(Exercise instructions): Reproduce exactly, from the data that follows, the line with "Lemma causal_ordering_coef_lt (R", the line with "Lemma invmx_subIB : invmx", and every line that lies between them.

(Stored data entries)
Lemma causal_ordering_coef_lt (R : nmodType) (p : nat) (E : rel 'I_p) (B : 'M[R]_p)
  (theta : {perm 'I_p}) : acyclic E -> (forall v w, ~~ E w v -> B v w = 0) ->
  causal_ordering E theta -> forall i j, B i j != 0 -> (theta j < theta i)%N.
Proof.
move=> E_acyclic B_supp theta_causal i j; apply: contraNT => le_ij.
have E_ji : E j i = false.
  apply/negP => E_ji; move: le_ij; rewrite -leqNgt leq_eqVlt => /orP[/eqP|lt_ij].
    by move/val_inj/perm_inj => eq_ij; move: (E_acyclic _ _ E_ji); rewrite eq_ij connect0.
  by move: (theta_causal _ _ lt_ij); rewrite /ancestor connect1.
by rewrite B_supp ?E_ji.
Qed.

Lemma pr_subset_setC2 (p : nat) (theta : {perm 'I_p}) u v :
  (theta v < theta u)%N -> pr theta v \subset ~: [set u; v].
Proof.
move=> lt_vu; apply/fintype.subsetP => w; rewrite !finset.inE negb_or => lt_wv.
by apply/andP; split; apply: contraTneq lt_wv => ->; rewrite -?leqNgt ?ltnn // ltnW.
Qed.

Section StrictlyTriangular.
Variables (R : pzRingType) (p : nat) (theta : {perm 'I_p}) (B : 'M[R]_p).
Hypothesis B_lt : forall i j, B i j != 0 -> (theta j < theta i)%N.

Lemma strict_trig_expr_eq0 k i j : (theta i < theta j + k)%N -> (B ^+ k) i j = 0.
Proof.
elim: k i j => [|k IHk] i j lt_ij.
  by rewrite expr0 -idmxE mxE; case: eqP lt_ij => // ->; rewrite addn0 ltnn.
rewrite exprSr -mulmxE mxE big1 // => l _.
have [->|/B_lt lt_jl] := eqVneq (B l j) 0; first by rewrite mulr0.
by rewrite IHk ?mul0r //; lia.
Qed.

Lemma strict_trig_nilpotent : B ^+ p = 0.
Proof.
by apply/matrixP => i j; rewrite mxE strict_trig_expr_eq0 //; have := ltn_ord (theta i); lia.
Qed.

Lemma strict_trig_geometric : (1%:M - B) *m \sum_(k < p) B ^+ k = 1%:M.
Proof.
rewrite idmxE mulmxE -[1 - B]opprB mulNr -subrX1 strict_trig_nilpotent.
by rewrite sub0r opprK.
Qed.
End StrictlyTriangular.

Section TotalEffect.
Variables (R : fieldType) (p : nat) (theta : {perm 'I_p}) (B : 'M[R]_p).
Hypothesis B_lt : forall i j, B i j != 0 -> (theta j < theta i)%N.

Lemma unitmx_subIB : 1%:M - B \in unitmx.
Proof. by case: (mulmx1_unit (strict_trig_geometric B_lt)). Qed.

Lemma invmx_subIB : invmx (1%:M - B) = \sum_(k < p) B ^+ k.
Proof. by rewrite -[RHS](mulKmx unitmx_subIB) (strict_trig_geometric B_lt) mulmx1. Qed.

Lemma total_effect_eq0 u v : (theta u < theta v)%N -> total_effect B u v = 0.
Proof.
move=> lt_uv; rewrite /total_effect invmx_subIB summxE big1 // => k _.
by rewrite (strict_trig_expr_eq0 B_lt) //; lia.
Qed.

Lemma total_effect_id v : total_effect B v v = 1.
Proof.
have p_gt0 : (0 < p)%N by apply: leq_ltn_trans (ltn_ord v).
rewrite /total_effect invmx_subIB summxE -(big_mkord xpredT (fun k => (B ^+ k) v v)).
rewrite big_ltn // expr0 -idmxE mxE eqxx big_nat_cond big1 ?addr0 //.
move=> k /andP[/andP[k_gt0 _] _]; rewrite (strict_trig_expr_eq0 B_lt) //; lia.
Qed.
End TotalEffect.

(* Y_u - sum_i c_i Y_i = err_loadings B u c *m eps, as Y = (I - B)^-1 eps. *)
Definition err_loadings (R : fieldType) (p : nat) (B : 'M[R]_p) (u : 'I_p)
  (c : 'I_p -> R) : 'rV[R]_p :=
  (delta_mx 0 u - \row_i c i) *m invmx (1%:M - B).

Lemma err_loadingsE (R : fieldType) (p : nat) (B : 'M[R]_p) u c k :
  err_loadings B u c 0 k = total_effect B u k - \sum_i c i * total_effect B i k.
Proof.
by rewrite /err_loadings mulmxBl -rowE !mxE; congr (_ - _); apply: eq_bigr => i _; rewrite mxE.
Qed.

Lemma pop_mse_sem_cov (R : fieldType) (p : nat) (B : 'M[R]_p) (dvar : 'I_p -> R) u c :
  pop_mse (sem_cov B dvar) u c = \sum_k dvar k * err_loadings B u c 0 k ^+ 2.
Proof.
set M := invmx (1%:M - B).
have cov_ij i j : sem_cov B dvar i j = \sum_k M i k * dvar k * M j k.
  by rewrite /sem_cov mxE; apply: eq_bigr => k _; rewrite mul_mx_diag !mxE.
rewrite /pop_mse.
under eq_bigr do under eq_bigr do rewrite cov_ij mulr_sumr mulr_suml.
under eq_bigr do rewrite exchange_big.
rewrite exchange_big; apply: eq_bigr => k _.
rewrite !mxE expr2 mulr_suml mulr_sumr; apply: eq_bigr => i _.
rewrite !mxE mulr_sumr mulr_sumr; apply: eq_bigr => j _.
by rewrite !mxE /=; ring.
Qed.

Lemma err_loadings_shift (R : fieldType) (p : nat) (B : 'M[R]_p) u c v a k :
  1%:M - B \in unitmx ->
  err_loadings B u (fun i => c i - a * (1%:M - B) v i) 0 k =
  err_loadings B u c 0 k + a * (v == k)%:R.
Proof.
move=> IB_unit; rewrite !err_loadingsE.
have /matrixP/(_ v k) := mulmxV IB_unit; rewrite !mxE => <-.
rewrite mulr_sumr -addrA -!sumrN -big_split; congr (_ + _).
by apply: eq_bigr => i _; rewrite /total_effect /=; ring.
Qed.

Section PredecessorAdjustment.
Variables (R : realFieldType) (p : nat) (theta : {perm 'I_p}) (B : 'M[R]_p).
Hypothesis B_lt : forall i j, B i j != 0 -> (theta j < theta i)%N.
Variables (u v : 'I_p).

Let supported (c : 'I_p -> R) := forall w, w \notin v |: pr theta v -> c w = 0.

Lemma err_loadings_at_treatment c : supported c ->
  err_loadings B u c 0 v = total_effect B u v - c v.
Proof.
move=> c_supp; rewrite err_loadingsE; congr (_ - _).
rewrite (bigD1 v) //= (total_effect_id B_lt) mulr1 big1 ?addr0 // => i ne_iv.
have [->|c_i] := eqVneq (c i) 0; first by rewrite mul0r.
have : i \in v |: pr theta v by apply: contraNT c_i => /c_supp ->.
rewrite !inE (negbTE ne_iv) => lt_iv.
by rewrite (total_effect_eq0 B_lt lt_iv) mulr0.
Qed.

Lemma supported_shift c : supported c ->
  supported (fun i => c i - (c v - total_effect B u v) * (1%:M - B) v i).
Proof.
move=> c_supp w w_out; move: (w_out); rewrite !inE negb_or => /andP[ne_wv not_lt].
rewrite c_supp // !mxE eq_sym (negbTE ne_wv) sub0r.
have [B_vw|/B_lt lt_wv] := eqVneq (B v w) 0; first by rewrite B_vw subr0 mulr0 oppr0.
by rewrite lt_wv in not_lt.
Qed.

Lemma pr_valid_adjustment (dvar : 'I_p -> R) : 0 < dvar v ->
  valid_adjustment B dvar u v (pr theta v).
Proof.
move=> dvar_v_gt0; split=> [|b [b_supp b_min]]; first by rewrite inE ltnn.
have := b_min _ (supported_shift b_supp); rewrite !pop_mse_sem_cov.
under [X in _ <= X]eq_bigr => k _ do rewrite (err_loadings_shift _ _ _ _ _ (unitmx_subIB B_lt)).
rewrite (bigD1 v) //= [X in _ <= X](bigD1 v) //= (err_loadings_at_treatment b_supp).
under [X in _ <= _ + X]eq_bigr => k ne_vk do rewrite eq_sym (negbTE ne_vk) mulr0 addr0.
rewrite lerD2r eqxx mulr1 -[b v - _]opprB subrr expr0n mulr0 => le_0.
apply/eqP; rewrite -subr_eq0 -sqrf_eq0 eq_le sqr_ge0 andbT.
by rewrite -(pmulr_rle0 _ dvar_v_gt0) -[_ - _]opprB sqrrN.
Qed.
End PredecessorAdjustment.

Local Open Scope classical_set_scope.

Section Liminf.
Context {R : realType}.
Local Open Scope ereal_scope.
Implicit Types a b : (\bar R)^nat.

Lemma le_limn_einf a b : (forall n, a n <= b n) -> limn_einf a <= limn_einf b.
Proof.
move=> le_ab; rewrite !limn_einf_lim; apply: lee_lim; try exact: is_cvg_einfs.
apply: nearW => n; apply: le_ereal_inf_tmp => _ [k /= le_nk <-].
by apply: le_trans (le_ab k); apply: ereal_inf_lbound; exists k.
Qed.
* * *
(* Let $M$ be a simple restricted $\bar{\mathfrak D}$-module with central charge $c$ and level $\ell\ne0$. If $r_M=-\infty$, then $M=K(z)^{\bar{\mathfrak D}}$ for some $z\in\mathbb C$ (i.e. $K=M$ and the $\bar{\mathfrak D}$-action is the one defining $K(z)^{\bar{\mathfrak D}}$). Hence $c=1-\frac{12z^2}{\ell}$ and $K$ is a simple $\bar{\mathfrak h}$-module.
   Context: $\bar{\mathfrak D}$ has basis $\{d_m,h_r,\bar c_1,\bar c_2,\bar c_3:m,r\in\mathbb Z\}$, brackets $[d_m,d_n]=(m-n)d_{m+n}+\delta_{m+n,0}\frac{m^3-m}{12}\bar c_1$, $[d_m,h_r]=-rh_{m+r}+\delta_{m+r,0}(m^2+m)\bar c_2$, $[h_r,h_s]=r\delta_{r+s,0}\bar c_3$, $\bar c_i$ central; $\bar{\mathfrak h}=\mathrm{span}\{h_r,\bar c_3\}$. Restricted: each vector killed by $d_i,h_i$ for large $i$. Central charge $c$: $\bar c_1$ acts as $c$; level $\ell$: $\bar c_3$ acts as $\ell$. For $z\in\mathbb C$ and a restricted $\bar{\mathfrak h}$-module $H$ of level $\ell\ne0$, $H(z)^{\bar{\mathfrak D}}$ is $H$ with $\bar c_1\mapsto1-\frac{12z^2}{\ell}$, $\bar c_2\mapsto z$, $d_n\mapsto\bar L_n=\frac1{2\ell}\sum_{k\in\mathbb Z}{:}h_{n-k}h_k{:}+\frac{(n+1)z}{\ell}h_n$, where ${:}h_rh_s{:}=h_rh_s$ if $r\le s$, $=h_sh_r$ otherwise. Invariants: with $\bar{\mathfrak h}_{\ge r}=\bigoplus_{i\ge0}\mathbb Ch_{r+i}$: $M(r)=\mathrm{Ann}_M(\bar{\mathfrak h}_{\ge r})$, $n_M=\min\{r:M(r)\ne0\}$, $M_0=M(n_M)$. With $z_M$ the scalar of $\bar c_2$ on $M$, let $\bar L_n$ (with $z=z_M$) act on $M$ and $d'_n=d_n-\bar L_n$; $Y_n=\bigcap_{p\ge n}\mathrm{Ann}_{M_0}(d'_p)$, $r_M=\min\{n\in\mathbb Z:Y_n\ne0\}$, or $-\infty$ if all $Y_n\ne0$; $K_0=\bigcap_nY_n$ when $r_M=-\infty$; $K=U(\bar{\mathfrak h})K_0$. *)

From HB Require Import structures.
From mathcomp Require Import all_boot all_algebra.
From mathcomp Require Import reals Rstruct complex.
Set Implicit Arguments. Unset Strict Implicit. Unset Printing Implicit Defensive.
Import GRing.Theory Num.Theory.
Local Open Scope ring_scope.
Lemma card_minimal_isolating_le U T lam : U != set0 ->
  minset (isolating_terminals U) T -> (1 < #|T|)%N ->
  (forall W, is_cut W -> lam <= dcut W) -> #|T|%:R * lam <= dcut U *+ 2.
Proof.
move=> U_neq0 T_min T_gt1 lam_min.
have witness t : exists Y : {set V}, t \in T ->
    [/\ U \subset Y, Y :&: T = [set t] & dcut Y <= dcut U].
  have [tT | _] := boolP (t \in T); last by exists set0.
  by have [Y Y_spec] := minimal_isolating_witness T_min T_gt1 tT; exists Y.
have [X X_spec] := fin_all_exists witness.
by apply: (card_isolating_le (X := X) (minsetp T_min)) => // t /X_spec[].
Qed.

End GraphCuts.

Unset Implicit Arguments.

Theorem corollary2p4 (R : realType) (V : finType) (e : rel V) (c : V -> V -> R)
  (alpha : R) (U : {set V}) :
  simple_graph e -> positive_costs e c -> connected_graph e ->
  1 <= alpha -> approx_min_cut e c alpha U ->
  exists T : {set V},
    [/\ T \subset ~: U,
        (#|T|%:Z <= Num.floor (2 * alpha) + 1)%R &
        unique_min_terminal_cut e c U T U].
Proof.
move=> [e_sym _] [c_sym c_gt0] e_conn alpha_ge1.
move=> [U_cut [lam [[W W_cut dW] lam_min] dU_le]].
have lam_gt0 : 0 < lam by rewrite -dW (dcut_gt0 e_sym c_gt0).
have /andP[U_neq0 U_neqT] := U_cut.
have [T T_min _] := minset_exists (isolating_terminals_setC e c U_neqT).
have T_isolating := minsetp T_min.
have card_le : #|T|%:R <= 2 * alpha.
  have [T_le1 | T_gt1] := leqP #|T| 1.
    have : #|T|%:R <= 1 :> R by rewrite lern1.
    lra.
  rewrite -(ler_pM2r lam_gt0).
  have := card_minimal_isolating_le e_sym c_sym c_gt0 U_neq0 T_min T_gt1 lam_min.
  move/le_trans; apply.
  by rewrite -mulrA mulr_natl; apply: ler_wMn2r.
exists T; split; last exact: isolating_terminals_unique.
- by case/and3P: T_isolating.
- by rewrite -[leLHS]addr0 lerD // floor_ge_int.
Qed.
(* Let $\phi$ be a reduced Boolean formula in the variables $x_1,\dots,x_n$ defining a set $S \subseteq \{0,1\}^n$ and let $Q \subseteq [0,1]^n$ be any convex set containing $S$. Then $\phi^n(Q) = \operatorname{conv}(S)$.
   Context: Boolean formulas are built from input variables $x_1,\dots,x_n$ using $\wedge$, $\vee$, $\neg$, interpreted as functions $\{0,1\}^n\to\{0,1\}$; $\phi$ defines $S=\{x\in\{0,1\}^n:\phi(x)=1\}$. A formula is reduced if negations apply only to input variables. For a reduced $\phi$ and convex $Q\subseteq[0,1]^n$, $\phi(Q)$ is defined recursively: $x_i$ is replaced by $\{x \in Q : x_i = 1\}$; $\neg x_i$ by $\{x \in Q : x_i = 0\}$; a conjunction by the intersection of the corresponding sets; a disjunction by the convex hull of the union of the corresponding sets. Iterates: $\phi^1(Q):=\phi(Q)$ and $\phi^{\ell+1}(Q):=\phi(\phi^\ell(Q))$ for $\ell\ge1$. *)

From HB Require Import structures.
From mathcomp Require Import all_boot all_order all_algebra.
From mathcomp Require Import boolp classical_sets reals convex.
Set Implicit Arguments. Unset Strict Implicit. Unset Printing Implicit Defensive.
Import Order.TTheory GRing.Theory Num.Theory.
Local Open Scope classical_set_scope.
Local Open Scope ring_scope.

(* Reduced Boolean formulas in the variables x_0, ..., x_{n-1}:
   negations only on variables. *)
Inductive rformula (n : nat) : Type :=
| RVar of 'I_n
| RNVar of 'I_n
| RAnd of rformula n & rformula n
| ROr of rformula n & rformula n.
...
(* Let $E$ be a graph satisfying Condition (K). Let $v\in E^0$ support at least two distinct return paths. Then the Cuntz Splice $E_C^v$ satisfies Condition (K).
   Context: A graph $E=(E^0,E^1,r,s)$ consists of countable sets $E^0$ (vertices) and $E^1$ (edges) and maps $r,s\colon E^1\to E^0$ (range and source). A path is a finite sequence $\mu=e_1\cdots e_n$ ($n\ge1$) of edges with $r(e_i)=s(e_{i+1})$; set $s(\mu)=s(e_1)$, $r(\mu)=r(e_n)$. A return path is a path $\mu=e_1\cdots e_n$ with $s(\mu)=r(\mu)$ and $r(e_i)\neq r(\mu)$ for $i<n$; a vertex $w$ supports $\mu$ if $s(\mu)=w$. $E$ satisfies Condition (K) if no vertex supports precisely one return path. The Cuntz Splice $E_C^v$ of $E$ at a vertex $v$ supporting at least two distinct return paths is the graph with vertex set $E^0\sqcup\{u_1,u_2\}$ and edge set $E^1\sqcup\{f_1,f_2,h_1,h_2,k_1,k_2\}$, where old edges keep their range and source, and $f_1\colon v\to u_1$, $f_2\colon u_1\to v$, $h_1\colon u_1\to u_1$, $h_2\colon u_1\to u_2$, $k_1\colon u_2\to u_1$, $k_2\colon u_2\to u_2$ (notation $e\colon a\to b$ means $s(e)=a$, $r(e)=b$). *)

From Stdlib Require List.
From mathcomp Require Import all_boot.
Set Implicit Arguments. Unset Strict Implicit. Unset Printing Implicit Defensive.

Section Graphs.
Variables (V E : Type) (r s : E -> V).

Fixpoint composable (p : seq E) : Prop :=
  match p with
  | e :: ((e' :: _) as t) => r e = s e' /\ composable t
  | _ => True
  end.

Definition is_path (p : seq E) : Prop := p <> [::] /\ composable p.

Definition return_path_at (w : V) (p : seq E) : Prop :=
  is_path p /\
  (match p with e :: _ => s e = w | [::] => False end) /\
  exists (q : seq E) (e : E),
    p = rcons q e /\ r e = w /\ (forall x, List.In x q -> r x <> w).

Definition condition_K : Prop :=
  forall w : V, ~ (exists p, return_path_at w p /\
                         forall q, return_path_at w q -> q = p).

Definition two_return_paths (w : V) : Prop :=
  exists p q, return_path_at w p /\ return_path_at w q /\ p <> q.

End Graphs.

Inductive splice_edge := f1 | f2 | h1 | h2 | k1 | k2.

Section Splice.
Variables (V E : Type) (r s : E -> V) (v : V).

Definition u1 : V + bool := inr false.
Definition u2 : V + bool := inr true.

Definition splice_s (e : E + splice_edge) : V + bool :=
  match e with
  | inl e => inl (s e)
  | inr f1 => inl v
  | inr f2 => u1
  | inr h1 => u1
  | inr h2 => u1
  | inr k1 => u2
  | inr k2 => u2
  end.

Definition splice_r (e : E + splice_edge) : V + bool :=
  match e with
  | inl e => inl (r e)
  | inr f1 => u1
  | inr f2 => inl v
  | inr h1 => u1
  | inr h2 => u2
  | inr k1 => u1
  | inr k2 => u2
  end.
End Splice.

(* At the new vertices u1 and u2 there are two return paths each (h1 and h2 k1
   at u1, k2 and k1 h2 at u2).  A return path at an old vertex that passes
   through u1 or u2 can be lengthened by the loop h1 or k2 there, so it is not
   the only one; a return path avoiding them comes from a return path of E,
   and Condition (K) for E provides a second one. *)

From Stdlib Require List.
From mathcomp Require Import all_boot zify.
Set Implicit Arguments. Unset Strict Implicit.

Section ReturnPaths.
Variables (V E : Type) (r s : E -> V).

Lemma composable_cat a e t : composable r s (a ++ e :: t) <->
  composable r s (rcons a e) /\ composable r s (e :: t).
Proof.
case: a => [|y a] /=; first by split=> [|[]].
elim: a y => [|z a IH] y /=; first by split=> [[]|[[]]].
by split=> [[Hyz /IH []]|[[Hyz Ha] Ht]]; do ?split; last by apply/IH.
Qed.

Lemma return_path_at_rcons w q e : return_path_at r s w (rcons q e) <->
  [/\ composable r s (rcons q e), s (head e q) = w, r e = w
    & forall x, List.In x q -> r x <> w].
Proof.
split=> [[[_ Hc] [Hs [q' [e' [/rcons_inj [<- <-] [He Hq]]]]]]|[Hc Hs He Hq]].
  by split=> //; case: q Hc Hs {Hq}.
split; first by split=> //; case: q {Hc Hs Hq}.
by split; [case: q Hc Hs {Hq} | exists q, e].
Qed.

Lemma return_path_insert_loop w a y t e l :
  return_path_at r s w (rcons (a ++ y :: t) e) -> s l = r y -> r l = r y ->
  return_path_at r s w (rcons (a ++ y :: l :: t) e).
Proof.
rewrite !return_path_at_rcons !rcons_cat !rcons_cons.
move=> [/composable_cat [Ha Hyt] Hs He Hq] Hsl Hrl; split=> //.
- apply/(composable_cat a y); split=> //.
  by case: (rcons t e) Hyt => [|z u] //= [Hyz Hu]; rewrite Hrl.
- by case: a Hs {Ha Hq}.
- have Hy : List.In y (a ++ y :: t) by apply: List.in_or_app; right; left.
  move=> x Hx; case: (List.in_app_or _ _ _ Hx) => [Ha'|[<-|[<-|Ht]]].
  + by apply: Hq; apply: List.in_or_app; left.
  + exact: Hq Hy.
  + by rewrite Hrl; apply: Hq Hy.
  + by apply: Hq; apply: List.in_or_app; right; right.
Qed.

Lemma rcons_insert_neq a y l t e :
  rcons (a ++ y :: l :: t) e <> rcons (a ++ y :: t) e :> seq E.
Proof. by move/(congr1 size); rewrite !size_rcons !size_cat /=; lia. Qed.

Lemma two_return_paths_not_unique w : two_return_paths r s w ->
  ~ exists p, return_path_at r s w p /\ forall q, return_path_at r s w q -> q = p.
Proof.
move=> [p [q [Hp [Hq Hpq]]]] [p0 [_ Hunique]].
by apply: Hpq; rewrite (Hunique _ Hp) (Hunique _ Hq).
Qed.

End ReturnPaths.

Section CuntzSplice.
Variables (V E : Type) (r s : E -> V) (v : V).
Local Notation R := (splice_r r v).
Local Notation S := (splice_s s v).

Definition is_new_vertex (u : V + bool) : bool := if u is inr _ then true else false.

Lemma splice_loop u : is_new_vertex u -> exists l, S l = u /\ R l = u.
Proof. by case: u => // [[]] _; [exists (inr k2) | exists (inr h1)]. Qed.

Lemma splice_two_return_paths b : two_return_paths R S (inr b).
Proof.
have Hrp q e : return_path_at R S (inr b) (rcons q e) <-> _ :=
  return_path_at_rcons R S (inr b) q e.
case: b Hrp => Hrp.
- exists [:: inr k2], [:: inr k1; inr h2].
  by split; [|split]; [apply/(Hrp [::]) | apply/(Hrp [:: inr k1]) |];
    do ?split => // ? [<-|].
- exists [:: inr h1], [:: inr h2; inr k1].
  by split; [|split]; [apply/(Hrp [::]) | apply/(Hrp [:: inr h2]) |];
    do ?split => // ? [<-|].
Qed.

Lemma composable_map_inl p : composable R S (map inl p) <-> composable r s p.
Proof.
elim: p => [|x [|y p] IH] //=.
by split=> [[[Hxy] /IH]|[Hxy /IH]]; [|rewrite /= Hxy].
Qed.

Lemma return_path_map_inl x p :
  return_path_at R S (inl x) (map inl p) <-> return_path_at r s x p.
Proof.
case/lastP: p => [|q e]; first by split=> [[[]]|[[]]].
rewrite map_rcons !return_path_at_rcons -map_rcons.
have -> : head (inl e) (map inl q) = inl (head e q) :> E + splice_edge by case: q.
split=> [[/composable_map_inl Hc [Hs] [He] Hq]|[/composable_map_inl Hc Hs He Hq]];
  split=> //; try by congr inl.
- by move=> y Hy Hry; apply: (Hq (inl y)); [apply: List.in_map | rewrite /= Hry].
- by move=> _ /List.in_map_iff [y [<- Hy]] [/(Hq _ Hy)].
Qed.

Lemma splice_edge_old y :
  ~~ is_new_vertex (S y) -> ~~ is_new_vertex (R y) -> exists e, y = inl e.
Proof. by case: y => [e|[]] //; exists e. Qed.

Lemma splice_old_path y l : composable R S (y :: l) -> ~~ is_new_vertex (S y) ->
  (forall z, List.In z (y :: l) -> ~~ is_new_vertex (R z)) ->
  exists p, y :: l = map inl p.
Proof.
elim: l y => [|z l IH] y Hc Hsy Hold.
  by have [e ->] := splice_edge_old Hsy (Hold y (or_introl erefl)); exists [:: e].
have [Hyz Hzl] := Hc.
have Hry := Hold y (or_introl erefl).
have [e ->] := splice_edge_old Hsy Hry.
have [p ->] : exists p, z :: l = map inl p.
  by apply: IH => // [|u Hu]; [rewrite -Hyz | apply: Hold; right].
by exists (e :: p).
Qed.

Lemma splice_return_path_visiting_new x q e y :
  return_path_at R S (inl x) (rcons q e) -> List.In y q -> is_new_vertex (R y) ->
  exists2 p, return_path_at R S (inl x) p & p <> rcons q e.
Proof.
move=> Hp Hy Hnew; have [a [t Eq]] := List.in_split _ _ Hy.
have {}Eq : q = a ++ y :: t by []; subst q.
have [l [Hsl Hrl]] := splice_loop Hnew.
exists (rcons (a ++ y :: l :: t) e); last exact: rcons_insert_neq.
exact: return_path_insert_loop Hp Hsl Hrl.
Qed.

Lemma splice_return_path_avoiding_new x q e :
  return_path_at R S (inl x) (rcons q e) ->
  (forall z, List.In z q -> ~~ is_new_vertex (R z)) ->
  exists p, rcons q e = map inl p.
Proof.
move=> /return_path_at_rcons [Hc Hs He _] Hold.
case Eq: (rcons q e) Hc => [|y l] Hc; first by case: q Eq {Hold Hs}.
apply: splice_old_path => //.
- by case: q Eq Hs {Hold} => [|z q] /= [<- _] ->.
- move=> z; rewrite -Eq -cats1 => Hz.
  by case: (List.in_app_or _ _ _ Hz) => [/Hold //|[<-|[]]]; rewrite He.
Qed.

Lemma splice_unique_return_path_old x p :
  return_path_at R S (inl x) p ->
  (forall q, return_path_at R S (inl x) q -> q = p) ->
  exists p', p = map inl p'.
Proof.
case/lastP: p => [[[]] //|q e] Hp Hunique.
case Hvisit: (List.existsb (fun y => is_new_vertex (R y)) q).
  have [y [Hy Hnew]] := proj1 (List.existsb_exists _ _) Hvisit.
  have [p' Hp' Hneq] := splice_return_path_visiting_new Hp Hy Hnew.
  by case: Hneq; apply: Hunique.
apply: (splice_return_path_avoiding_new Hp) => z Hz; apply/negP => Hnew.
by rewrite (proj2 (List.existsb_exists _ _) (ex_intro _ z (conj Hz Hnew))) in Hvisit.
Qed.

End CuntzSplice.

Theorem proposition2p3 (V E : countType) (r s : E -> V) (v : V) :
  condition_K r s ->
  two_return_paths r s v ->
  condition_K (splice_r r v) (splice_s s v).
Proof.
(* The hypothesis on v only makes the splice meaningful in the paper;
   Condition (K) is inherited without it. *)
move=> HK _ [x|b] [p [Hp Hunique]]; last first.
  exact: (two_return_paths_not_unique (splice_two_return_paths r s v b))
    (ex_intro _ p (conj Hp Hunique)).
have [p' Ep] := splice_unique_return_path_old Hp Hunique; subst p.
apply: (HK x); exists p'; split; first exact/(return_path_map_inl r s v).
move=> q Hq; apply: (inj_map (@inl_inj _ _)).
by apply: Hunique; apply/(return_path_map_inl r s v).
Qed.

(Answer to this task):
Lemma causal_ordering_coef_lt (R : nmodType) (p : nat) (E : rel 'I_p) (B : 'M[R]_p)
  (theta : {perm 'I_p}) : acyclic E -> (forall v w, ~~ E w v -> B v w = 0) ->
  causal_ordering E theta -> forall i j, B i j != 0 -> (theta j < theta i)%N.
Proof.
move=> E_acyclic B_supp theta_causal i j; apply: contraNT => le_ij.
have E_ji : E j i = false.
  apply/negP => E_ji; move: le_ij; rewrite -leqNgt leq_eqVlt => /orP[/eqP|lt_ij].
    by move/val_inj/perm_inj => eq_ij; move: (E_acyclic _ _ E_ji); rewrite eq_ij connect0.
  by move: (theta_causal _ _ lt_ij); rewrite /ancestor connect1.
by rewrite B_supp ?E_ji.
Qed.

Lemma pr_subset_setC2 (p : nat) (theta : {perm 'I_p}) u v :
  (theta v < theta u)%N -> pr theta v \subset ~: [set u; v].
Proof.
move=> lt_vu; apply/fintype.subsetP => w; rewrite !finset.inE negb_or => lt_wv.
by apply/andP; split; apply: contraTneq lt_wv => ->; rewrite -?leqNgt ?ltnn // ltnW.
Qed.

Section StrictlyTriangular.
Variables (R : pzRingType) (p : nat) (theta : {perm 'I_p}) (B : 'M[R]_p).
Hypothesis B_lt : forall i j, B i j != 0 -> (theta j < theta i)%N.

Lemma strict_trig_expr_eq0 k i j : (theta i < theta j + k)%N -> (B ^+ k) i j = 0.
Proof.
elim: k i j => [|k IHk] i j lt_ij.
  by rewrite expr0 -idmxE mxE; case: eqP lt_ij => // ->; rewrite addn0 ltnn.
rewrite exprSr -mulmxE mxE big1 // => l _.
have [->|/B_lt lt_jl] := eqVneq (B l j) 0; first by rewrite mulr0.
by rewrite IHk ?mul0r //; lia.
Qed.

Lemma strict_trig_nilpotent : B ^+ p = 0.
Proof.
by apply/matrixP => i j; rewrite mxE strict_trig_expr_eq0 //; have := ltn_ord (theta i); lia.
Qed.

Lemma strict_trig_geometric : (1%:M - B) *m \sum_(k < p) B ^+ k = 1%:M.
Proof.
rewrite idmxE mulmxE -[1 - B]opprB mulNr -subrX1 strict_trig_nilpotent.
by rewrite sub0r opprK.
Qed.
End StrictlyTriangular.

Section TotalEffect.
Variables (R : fieldType) (p : nat) (theta : {perm 'I_p}) (B : 'M[R]_p).
Hypothesis B_lt : forall i j, B i j != 0 -> (theta j < theta i)%N.

Lemma unitmx_subIB : 1%:M - B \in unitmx.
Proof. by case: (mulmx1_unit (strict_trig_geometric B_lt)). Qed.

Lemma invmx_subIB : invmx (1%:M - B) = \sum_(k < p) B ^+ k.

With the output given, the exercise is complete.